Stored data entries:

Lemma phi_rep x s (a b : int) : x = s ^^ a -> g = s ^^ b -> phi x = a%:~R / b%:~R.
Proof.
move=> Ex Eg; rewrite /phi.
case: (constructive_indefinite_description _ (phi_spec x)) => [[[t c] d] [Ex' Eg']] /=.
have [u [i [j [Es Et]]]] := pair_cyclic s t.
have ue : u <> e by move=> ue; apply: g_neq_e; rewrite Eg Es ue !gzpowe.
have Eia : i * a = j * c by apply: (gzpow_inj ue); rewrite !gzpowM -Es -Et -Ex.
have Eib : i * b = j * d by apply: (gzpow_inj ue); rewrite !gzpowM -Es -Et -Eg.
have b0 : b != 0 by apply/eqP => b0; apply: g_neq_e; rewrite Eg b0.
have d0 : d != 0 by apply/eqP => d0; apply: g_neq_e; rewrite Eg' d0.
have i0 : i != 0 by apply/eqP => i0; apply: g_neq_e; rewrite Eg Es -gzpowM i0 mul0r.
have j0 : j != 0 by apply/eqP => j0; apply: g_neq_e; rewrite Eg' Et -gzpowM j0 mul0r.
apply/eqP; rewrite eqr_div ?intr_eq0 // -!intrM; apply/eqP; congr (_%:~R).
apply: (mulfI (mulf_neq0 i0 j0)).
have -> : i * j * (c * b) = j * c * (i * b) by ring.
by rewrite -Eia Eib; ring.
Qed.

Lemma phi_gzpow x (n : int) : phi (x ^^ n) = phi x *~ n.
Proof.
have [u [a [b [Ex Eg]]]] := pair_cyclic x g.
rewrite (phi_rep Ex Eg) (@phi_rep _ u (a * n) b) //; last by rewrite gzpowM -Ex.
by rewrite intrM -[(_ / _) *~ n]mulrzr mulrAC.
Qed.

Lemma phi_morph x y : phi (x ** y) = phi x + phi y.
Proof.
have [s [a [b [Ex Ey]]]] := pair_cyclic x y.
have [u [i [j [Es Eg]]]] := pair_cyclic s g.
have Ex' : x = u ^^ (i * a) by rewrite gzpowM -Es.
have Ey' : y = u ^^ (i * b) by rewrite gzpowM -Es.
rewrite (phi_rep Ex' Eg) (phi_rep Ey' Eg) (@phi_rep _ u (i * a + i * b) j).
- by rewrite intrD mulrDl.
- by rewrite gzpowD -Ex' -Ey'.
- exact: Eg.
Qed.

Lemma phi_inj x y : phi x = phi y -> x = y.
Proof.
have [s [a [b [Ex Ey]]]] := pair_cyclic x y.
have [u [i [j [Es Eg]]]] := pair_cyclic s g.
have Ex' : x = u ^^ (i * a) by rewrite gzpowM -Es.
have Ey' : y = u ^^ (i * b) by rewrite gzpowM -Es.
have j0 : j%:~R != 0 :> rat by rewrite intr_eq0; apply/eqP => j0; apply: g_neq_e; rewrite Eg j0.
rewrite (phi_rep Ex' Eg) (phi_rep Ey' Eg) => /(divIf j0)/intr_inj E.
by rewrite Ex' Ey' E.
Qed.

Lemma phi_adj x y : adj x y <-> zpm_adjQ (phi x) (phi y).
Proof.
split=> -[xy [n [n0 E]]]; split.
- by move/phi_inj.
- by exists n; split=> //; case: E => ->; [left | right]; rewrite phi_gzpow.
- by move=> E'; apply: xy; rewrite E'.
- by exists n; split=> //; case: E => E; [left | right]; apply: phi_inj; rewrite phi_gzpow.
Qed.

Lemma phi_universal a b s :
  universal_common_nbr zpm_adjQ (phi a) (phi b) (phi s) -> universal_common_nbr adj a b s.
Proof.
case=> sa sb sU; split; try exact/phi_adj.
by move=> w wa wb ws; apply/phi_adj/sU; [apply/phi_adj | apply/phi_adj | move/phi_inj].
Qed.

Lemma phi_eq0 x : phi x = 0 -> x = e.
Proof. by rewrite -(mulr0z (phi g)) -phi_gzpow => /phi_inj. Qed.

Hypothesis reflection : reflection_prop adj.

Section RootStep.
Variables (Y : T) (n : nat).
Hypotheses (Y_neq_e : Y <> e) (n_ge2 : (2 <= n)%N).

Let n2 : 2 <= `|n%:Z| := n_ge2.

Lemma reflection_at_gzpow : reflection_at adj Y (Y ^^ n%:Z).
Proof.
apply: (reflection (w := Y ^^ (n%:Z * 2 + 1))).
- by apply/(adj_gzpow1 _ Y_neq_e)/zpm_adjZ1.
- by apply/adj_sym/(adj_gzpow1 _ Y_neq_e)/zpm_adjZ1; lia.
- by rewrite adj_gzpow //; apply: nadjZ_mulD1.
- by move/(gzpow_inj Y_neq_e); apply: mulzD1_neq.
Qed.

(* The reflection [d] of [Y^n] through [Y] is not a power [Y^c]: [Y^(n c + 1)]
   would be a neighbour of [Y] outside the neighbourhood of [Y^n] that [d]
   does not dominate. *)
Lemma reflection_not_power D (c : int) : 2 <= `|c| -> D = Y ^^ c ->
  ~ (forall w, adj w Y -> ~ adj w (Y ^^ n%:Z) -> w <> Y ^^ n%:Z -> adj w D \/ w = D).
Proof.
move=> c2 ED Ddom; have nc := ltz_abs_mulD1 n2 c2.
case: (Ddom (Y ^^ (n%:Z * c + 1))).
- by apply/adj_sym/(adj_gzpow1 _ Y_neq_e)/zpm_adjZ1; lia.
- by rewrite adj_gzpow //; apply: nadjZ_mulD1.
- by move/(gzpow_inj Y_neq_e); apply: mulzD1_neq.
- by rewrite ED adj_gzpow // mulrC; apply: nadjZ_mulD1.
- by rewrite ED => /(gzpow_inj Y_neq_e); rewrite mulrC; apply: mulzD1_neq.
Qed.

Task directions -> In the entries above, some lines hold the string "left". Copy each of them.

Solved problem ->
- by exists n; split=> //; case: E => ->; [left | right]; rewrite phi_gzpow.
- by exists n; split=> //; case: E => E; [left | right]; apply: phi_inj; rewrite phi_gzpow.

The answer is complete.